*** Block opens ***

(* Let $\alpha_1,\alpha_2,\alpha_3>0$ with $\alpha_1^{-2}=\alpha_2^{-2}+\alpha_3^{-2}$, let $a_1=-\alpha_2\alpha_3/\alpha_1$, $a_2=\alpha_3\alpha_1/\alpha_2$, $a_3=\alpha_1\alpha_2/\alpha_3$, let $\lambda>0$ with $\lambda^2=a_2^2-a_1a_3$, and let $b_1,\dots,b_5,c_1,\dots,c_5,d_1,\dots,d_6$ be real constants as in the context (eigenvector data). Let $B,B',C,C',D,D'\in\mathbb{C}$ be arbitrary. Define $w_j:\mathbb{R}\to\mathbb{C}$ by $2w_1=i\alpha_1e^{ia_1t}$, $2w_2=\alpha_2e^{ia_2t}$, $2w_3=\alpha_3e^{ia_3t}$; define $x=2\,\mathrm{Re}\big((Bb_1+Cc_1)e^{\frac i2\lambda t}\big)$, $p_1=ie^{ia_1t}\big(Bb_2e^{\frac i2\lambda t}+\bar Bb_4e^{-\frac i2\lambda t}+Dd_1e^{\frac{3i}2\lambda t}+\bar Dd_4e^{-\frac{3i}2\lambda t}\big)$, $p_2=e^{ia_2t}\big(Cc_2e^{\frac i2\lambda t}+\bar Cc_4e^{-\frac i2\lambda t}+Dd_2e^{\frac{3i}2\lambda t}+\bar Dd_5e^{-\frac{3i}2\lambda t}\big)$, $p_3=e^{ia_3t}\big((Bb_3+Cc_3)e^{\frac i2\lambda t}+(\bar Bb_5+\bar Cc_5)e^{-\frac i2\lambda t}+Dd_3e^{\frac{3i}2\lambda t}+\bar Dd_6e^{-\frac{3i}2\lambda t}\big)$, and define $y,q_1,q_2,q_3$ by the same formulas with $B,C,D$ replaced by $B',C',D'$ (so $y$ replaces $x$, $q_j$ replaces $p_j$). Let $z:\mathbb{R}\to\mathbb{R}$ and $r_1,r_2,r_3:\mathbb{R}\to\mathbb{C}$ be any functions with $\frac{dz}{dt}=\mathrm{Im}(\bar p_1q_1-\bar p_2q_2-\bar p_3q_3)$, $\frac{dr_1}{dt}=ixp_1+iyq_1+\overline{p_2p_3}+\overline{q_2q_3}$, $\frac{dr_2}{dt}=ixp_2-iyq_2-\overline{p_3p_1}+\overline{q_3q_1}$, $\frac{dr_3}{dt}=ixq_3+iyp_3-\overline{p_1q_2}-\overline{p_2q_1}$. Then the subset of $\mathbb{R}^7=\mathbb{R}\oplus\mathbb{C}^3$ $$M=\Big\{\big(y_1y(t)-y_2x(t)+z(t),\ \tfrac12(y_1^2+y_2^2)w_1(t)+y_1p_1(t)+y_2q_1(t)+r_1(t),\ \tfrac12(y_1^2-y_2^2)w_2(t)+y_1p_2(t)-y_2q_2(t)+r_2(t),\ y_1y_2w_3(t)+y_1q_3(t)+y_2p_3(t)+r_3(t)\big):y_1,y_2,t\in\mathbb{R}\Big\}$$ is an associative 3-fold in $\mathbb{R}^7$ wherever it is nonsingular.
   Context: Let $(x_1,\dots,x_7)$ be coordinates on $\mathbb{R}^7$ with Euclidean metric $g$, and write $dx_{ijk}=dx_i\wedge dx_j\wedge dx_k$. Define $\varphi=dx_{123}+dx_{145}+dx_{167}+dx_{246}-dx_{257}-dx_{347}-dx_{356}$. An oriented 3-dimensional (immersed) submanifold $N\subseteq\mathbb{R}^7$ is an associative 3-fold if $\varphi|_{T_xN}=\mathrm{vol}_{T_xN}$ for all $x\in N$. Identify $\mathbb{R}^7=\mathbb{R}\oplus\mathbb{C}^3$ via $(x_1,\dots,x_7)\mapsto(x_1,\,x_2+ix_3,\,x_4+ix_5,\,x_6+ix_7)$. Eigenvector data: with $T$ the real $7\times7$ matrix whose rows are $(0,-\frac{\alpha_1}{2},\frac{\alpha_2}{2},\frac{\alpha_3}{2},\frac{\alpha_1}{2},-\frac{\alpha_2}{2},-\frac{\alpha_3}{2})$, $(\alpha_1,-2a_1,0,0,0,-\alpha_3,-\alpha_2)$, $(\alpha_2,0,-2a_2,0,\alpha_3,0,\alpha_1)$, $(\alpha_3,0,0,-2a_3,\alpha_2,\alpha_1,0)$, $(-\alpha_1,0,\alpha_3,\alpha_2,2a_1,0,0)$, $(-\alpha_2,-\alpha_3,0,-\alpha_1,0,2a_2,0)$, $(-\alpha_3,-\alpha_2,-\alpha_1,0,0,0,2a_3)$, the real constants $b_j,c_j,d_j$ are such that $\mathbf{b}_\pm,\mathbf{c}_\pm,\mathbf{d}_\pm$ are nonzero and $T\mathbf{b}_\pm=\pm\lambda\mathbf{b}_\pm$, $T\mathbf{c}_\pm=\pm\lambda\mathbf{c}_\pm$, $T\mathbf{d}_\pm=\pm3\lambda\mathbf{d}_\pm$, where $\mathbf{b}_+=(b_1,b_2,0,b_3,b_4,0,b_5)^{\mathrm T}$, $\mathbf{b}_-=(b_1,b_4,0,b_5,b_2,0,b_3)^{\mathrm T}$, $\mathbf{c}_+=(c_1,0,c_2,c_3,0,c_4,c_5)^{\mathrm T}$, $\mathbf{c}_-=(c_1,0,c_4,c_5,0,c_2,c_3)^{\mathrm T}$, $\mathbf{d}_+=(0,d_1,\dots,d_6)^{\mathrm T}$, $\mathbf{d}_-=(0,d_4,d_5,d_6,d_1,d_2,d_3)^{\mathrm T}$. *)

From Stdlib Require Import Reals.
From Coquelicot Require Import Coquelicot.
Open Scope R_scope.

Notation CC := Complex.C.

Definition cexpi (th : R) : CC := (cos th, sin th).

Definition Tmat (al1 al2 al3 a1 a2 a3 : R) (i j : nat) : R :=
  match i, j with
  | 1,1 => 0 | 1,2 => -(al1/2) | 1,3 => al2/2 | 1,4 => al3/2 | 1,5 => al1/2 | 1,6 => -(al2/2) | 1,7 => -(al3/2)
  | 2,1 => al1 | 2,2 => -(2*a1) | 2,3 => 0 | 2,4 => 0 | 2,5 => 0 | 2,6 => -al3 | 2,7 => -al2
  | 3,1 => al2 | 3,2 => 0 | 3,3 => -(2*a2) | 3,4 => 0 | 3,5 => al3 | 3,6 => 0 | 3,7 => al1
  | 4,1 => al3 | 4,2 => 0 | 4,3 => 0 | 4,4 => -(2*a3) | 4,5 => al2 | 4,6 => al1 | 4,7 => 0
  | 5,1 => -al1 | 5,2 => 0 | 5,3 => al3 | 5,4 => al2 | 5,5 => 2*a1 | 5,6 => 0 | 5,7 => 0
  | 6,1 => -al2 | 6,2 => -al3 | 6,3 => 0 | 6,4 => -al1 | 6,5 => 0 | 6,6 => 2*a2 | 6,7 => 0
  | 7,1 => -al3 | 7,2 => -al2 | 7,3 => -al1 | 7,4 => 0 | 7,5 => 0 | 7,6 => 0 | 7,7 => 2*a3
  | _,_ => 0
  end.

Definition mv (T : nat -> nat -> R) (v : nat -> R) (i : nat) : R :=
  T i 1%nat * v 1%nat + T i 2%nat * v 2%nat + T i 3%nat * v 3%nat + T i 4%nat * v 4%nat
  + T i 5%nat * v 5%nat + T i 6%nat * v 6%nat + T i 7%nat * v 7%nat.

Definition zero7 : nat -> R := fun _ => 0.

Definition bplus (b : nat -> R) (i : nat) : R :=
  match i with 1 => b 1%nat | 2 => b 2%nat | 4 => b 3%nat | 5 => b 4%nat | 7 => b 5%nat | _ => 0 end.
Definition bminus (b : nat -> R) (i : nat) : R :=
  match i with 1 => b 1%nat | 2 => b 4%nat | 4 => b 5%nat | 5 => b 2%nat | 7 => b 3%nat | _ => 0 end.
Definition cplus (c : nat -> R) (i : nat) : R :=
  match i with 1 => c 1%nat | 3 => c 2%nat | 4 => c 3%nat | 6 => c 4%nat | 7 => c 5%nat | _ => 0 end.
Definition cminus (c : nat -> R) (i : nat) : R :=
  match i with 1 => c 1%nat | 3 => c 4%nat | 4 => c 5%nat | 6 => c 2%nat | 7 => c 3%nat | _ => 0 end.
Definition dplus (d : nat -> R) (i : nat) : R :=
  match i with 2 => d 1%nat | 3 => d 2%nat | 4 => d 3%nat | 5 => d 4%nat | 6 => d 5%nat | 7 => d 6%nat | _ => 0 end.
Definition dminus (d : nat -> R) (i : nat) : R :=
  match i with 2 => d 4%nat | 3 => d 5%nat | 4 => d 6%nat | 5 => d 1%nat | 6 => d 2%nat | 7 => d 3%nat | _ => 0 end.

Definition eigvec (T : nat -> nat -> R) (mu : R) (v : nat -> R) : Prop :=
  v <> zero7 /\ forall i, mv T v i = mu * v i.

Local Open Scope C_scope.

Definition xfun (lam : R) (b c : nat -> R) (B C : CC) (t : R) : R :=
  2 * Re ((B * RtoC (b 1%nat) + C * RtoC (c 1%nat)) * cexpi (lam * t / 2)).

Definition p1fun (a1 lam : R) (b d : nat -> R) (B D : CC) (t : R) : CC :=
  Ci * cexpi (a1 * t) *
  (B * RtoC (b 2%nat) * cexpi (lam * t / 2) + Cconj B * RtoC (b 4%nat) * cexpi (- (lam * t / 2))
   + D * RtoC (d 1%nat) * cexpi (3 * lam * t / 2) + Cconj D * RtoC (d 4%nat) * cexpi (- (3 * lam * t / 2))).

Definition p2fun (a2 lam : R) (c d : nat -> R) (C D : CC) (t : R) : CC :=
  cexpi (a2 * t) *
  (C * RtoC (c 2%nat) * cexpi (lam * t / 2) + Cconj C * RtoC (c 4%nat) * cexpi (- (lam * t / 2))
   + D * RtoC (d 2%nat) * cexpi (3 * lam * t / 2) + Cconj D * RtoC (d 5%nat) * cexpi (- (3 * lam * t / 2))).

Definition p3fun (a3 lam : R) (b c d : nat -> R) (B C D : CC) (t : R) : CC :=
  cexpi (a3 * t) *
  ((B * RtoC (b 3%nat) + C * RtoC (c 3%nat)) * cexpi (lam * t / 2)
   + (Cconj B * RtoC (b 5%nat) + Cconj C * RtoC (c 5%nat)) * cexpi (- (lam * t / 2))
   + D * RtoC (d 3%nat) * cexpi (3 * lam * t / 2) + Cconj D * RtoC (d 6%nat) * cexpi (- (3 * lam * t / 2))).

Definition w1fun (al1 a1 t : R) : CC := Ci * RtoC al1 * cexpi (a1 * t) / RtoC 2.
Definition w2fun (al2 a2 t : R) : CC := RtoC al2 * cexpi (a2 * t) / RtoC 2.
Definition w3fun (al3 a3 t : R) : CC := RtoC al3 * cexpi (a3 * t) / RtoC 2.

Local Close Scope C_scope.

Definition det3 (u v w : nat -> R) (i j k : nat) : R :=
  u i * (v j * w k - v k * w j) - u j * (v i * w k - v k * w i) + u k * (v i * w j - v j * w i).

Definition phi (u v w : nat -> R) : R :=
  det3 u v w 1 2 3 + det3 u v w 1 4 5 + det3 u v w 1 6 7 + det3 u v w 2 4 6
  - det3 u v w 2 5 7 - det3 u v w 3 4 7 - det3 u v w 3 5 6.

Definition dot7 (u v : nat -> R) : R :=
  u 1%nat * v 1%nat + u 2%nat * v 2%nat + u 3%nat * v 3%nat + u 4%nat * v 4%nat
  + u 5%nat * v 5%nat + u 6%nat * v 6%nat + u 7%nat * v 7%nat.

(* volume of the parallelepiped spanned by u v w: sqrt of the Gram determinant *)
Definition vol3 (u v w : nat -> R) : R :=
  sqrt (dot7 u u * (dot7 v v * dot7 w w - dot7 v w * dot7 w v)
      - dot7 u v * (dot7 v u * dot7 w w - dot7 v w * dot7 w u)
      + dot7 u w * (dot7 v u * dot7 w v - dot7 v v * dot7 w u)).

Definition lin_indep3 (u v w : nat -> R) : Prop :=
  forall a b c : R, (forall k, (1 <= k <= 7)%nat -> a * u k + b * v k + c * w k = 0) ->
    a = 0 /\ b = 0 /\ c = 0.

(* A map F : R^3 -> R^7 is associative wherever it is nonsingular: at every point where
   its partial derivatives exist and are linearly independent (F is an immersion there),
   the tangent 3-plane is associative, i.e. phi restricted to it is +- the volume form. *)
Definition associative_where_nonsingular (F : R -> R -> R -> nat -> R) : Prop :=
  forall (s1 s2 t : R) (u v w : nat -> R),
    (forall k, (1 <= k <= 7)%nat -> is_derive (fun s => F s s2 t k) s1 (u k)) ->
    (forall k, (1 <= k <= 7)%nat -> is_derive (fun s => F s1 s t k) s2 (v k)) ->
    (forall k, (1 <= k <= 7)%nat -> is_derive (fun s => F s1 s2 s k) t (w k)) ->
    lin_indep3 u v w ->
    Rabs (phi u v w) = vol3 u v w.

Definition Mmap (X Y Z : R -> R) (W1 W2 W3 P1 P2 P3 Q1 Q2 Q3 R1 R2 R3 : R -> CC)
  (y1 y2 t : R) (k : nat) : R :=
  let c1 := (RtoC ((y1 ^ 2 + y2 ^ 2) / 2) * W1 t + RtoC y1 * P1 t + RtoC y2 * Q1 t + R1 t)%C in
  let c2 := (RtoC ((y1 ^ 2 - y2 ^ 2) / 2) * W2 t + RtoC y1 * P2 t - RtoC y2 * Q2 t + R2 t)%C in
  let c3 := (RtoC (y1 * y2) * W3 t + RtoC y1 * Q3 t + RtoC y2 * P3 t + R3 t)%C in
  match k with
  | 1 => y1 * Y t - y2 * X t + Z t
  | 2 => Re c1 | 3 => Im c1
  | 4 => Re c2 | 5 => Im c2
  | 6 => Re c3 | 7 => Im c3
  | _ => 0
  end.

(* Associativity is a pointwise condition on the tangent vectors u, v, w, and it holds when
   w = u x v is the G2 cross product: phi(u, v, u x v) = |u x v|^2, which is the volume of
   (u, v, u x v) since u x v is orthogonal to u and v and |u x v|^2 = |u|^2 |v|^2 - <u, v>^2.
   As M is quadratic in (y1, y2), the condition d/dt M = d/dy1 M x d/dy2 M splits by degree
   into evolution equations: a quadratic system for w, one linear system (with coefficients
   in w) satisfied both by (x, p) and by (y, q), and the equations for z and r, which hold by
   hypothesis.  The given w solves its system because alpha_1 a_1 = - alpha_2 alpha_3,
   alpha_2 a_2 = alpha_3 alpha_1, alpha_3 a_3 = alpha_1 alpha_2 and a_1 + a_2 + a_3 = 0.  Once
   the phases e^{i a_j t} are factored out of p, the linear system has constant coefficients
   given by T, so every eigenvector of T with eigenvalue mu yields a solution oscillating like
   e^{i mu t / 2}; x and p are superpositions of these for mu = +-lambda, +-3 lambda. *)

From Stdlib Require Import Reals Lra Lia.
From Coquelicot Require Import Coquelicot.
Open Scope R_scope.

(** * The cross product of the associative calibration *)

Definition basis_vec (k : nat) : nat -> R := fun j => if Nat.eqb j k then 1 else 0.

Definition cross7 (u v : nat -> R) : nat -> R := fun k => phi u v (basis_vec k).

Lemma phi_cross7 (u v : nat -> R) : phi u v (cross7 u v) = dot7 (cross7 u v) (cross7 u v).
Proof. unfold cross7, phi, det3, dot7, basis_vec; simpl; ring. Qed.

Lemma dot7_cross7_l (u v : nat -> R) : dot7 u (cross7 u v) = 0.
Proof. unfold cross7, phi, det3, dot7, basis_vec; simpl; ring. Qed.

Lemma dot7_cross7_r (u v : nat -> R) : dot7 v (cross7 u v) = 0.
Proof. unfold cross7, phi, det3, dot7, basis_vec; simpl; ring. Qed.

Lemma dot7_cross7 (u v : nat -> R) :
  dot7 (cross7 u v) (cross7 u v) = dot7 u u * dot7 v v - dot7 u v ^ 2.
Proof. unfold cross7, phi, det3, dot7, basis_vec; simpl; ring. Qed.

Lemma dot7_comm (u v : nat -> R) : dot7 u v = dot7 v u.
Proof. unfold dot7; ring. Qed.

Lemma phi_cross7_vol3 (u v : nat -> R) : Rabs (phi u v (cross7 u v)) = vol3 u v (cross7 u v).
Proof.
  set (c := cross7 u v).
  assert (Hgram : dot7 u u * (dot7 v v * dot7 c c - dot7 v c * dot7 c v)
      - dot7 u v * (dot7 v u * dot7 c c - dot7 v c * dot7 c u)
      + dot7 u c * (dot7 v u * dot7 c v - dot7 v v * dot7 c u) = dot7 c c ^ 2).
  { rewrite (dot7_comm c u), (dot7_comm c v), (dot7_comm v u).
    unfold c; rewrite dot7_cross7_l, dot7_cross7_r, dot7_cross7; ring. }
  unfold vol3; rewrite Hgram, phi_cross7, sqrt_pow2; [apply Rabs_right |];
    unfold c, dot7; nra.
Qed.

Lemma phi_vol3_ext (u v w u' v' w' : nat -> R) :
  (forall k, (1 <= k <= 7)%nat -> u k = u' k) ->
  (forall k, (1 <= k <= 7)%nat -> v k = v' k) ->
  (forall k, (1 <= k <= 7)%nat -> w k = w' k) ->
  phi u v w = phi u' v' w' /\ vol3 u v w = vol3 u' v' w'.
Proof.
  intros Hu Hv Hw. unfold phi, det3, vol3, dot7.
  rewrite !Hu, !Hv, !Hw by lia. split; reflexivity.
Qed.

(** * Derivatives of complex-valued functions *)

Lemma is_derive_Re (f : R -> CC) (t : R) (l : CC) :
  is_derive f t l -> is_derive (fun s => Re (f s)) t (Re l).
Proof.
  intros H. eapply filterdiff_ext_lin.
  - apply (filterdiff_comp f fst _ fst H), filterdiff_linear, is_linear_fst.
  - intros y. reflexivity.
Qed.

Lemma is_derive_Im (f : R -> CC) (t : R) (l : CC) :
  is_derive f t l -> is_derive (fun s => Im (f s)) t (Im l).
Proof.
  intros H. eapply filterdiff_ext_lin.
  - apply (filterdiff_comp f snd _ snd H), filterdiff_linear, is_linear_snd.
  - intros y. reflexivity.
Qed.
(* Let $S\subset M$ be a saturated affine semigroup with $w(S)=S$ for all $w\in W$, and let $u\in D\cap S$. Writing $\Psi(\chi^u)=\sum_{v\in D\cap\Lambda}a_v\underline{\chi}^v$, every $v$ with $a_v\ne 0$ lies in $S$.
   Context: Setting: $V$ is a finite-dimensional real vector space with positive definite symmetric bilinear form $\langle\,,\rangle$; $M\subset V$ is a lattice; $W\subset\mathrm{GL}(V)$ is a finite group generated by reflections $s_\alpha(v)=v-2\frac{\langle v,\alpha\rangle}{\langle\alpha,\alpha\rangle}\alpha$ and preserving $M$; $\Delta=\{\alpha_1,\dots,\alpha_r\}\subset M$ is a simple system for $W$ (a linearly independent subset of a root system for $W$, spanning the same subspace, such that every root is a real combination of $\Delta$ with coefficients of one sign) chosen so that $M\subset\Lambda$, where $\Lambda=\{v\in V:2\frac{\langle v,\alpha_i\rangle}{\langle\alpha_i,\alpha_i\rangle}\in\mathbb{Z}\ \forall i\}$ is the weight group (such $\Delta$ exists, and $W$ preserves $\Lambda$). Let $Z=\bigcap_i\alpha_i^\perp$ and let $\lambda_1,\dots,\lambda_r\in Z^\perp$ be the fundamental weights, defined by $2\frac{\langle\lambda_i,\alpha_j\rangle}{\langle\alpha_j,\alpha_j\rangle}=\delta_{ij}$. Then $\Lambda=Z\oplus\Lambda_\circ$ with $\Lambda_\circ=\mathbb{Z}\langle\lambda_1,\dots,\lambda_r\rangle$, and the fundamental domain is $D=\{v:\langle v,\alpha_i\rangle\ge0\ \forall i\}=Z\times\mathbb{R}_{\ge0}\langle\lambda_1,\dots,\lambda_r\rangle$. A saturated affine semigroup is a finitely generated $\mathbb{Z}_{\ge0}$-submodule $S\subset M$ such that $km\in S$ with $k\in\mathbb{Z}_{>0}$, $m\in M$ implies $m\in S$. For a semigroup $S$, $\mathbb{Z}[S]$ is its semigroup ring with basis $\chi^s$, $\chi^s\chi^t=\chi^{s+t}$, and $W$ acts by $w\chi^s=\chi^{ws}$. $\Psi_\circ:\mathbb{Z}[D\cap\Lambda_\circ]\to\mathbb{Z}[\Lambda_\circ]^W$ is the ring homomorphism with $\Psi_\circ(\chi^{\lambda_i})=\sum_{v\in W\lambda_i}\chi^v$, and $\Psi:\mathbb{Z}[D\cap\Lambda]\to\mathbb{Z}[\Lambda]^W$ is its $\mathbb{Z}[Z]$-linear extension: for $u=z+u_\circ$ with $z\in Z$, $u_\circ\in D\cap\Lambda_\circ$, $\Psi(\chi^u)=\chi^z\Psi_\circ(\chi^{u_\circ})$. For $u\in D\cap\Lambda$, $\underline{\chi}^u:=\sum_{v\in Wu}\chi^v$; these form a $\mathbb{Z}$-basis of $\mathbb{Z}[\Lambda]^W$. *)

(* V = 'rV[R]_n with R : realType (the real numbers),
   vectors are row vectors and matrices act on the right: w(v) := v *m w. *)
From HB Require Import structures.
From mathcomp Require Import all_boot all_order all_algebra.
From mathcomp Require Import reals.
Set Implicit Arguments. Unset Strict Implicit. Unset Printing Implicit Defensive.
Import Order.TTheory GRing.Theory Num.Theory.
Local Open Scope ring_scope.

*** Block closes ***

Start with the line above that contains "sqrt (dot7 u" and end with the line that contains "forall (s1 s2". Write out those lines exactly, and only those.

  sqrt (dot7 u u * (dot7 v v * dot7 w w - dot7 v w * dot7 w v)
      - dot7 u v * (dot7 v u * dot7 w w - dot7 v w * dot7 w u)
      + dot7 u w * (dot7 v u * dot7 w v - dot7 v v * dot7 w u)).

Definition lin_indep3 (u v w : nat -> R) : Prop :=
  forall a b c : R, (forall k, (1 <= k <= 7)%nat -> a * u k + b * v k + c * w k = 0) ->
    a = 0 /\ b = 0 /\ c = 0.

(* A map F : R^3 -> R^7 is associative wherever it is nonsingular: at every point where
   its partial derivatives exist and are linearly independent (F is an immersion there),
   the tangent 3-plane is associative, i.e. phi restricted to it is +- the volume form. *)
Definition associative_where_nonsingular (F : R -> R -> R -> nat -> R) : Prop :=
  forall (s1 s2 t : R) (u v w : nat -> R),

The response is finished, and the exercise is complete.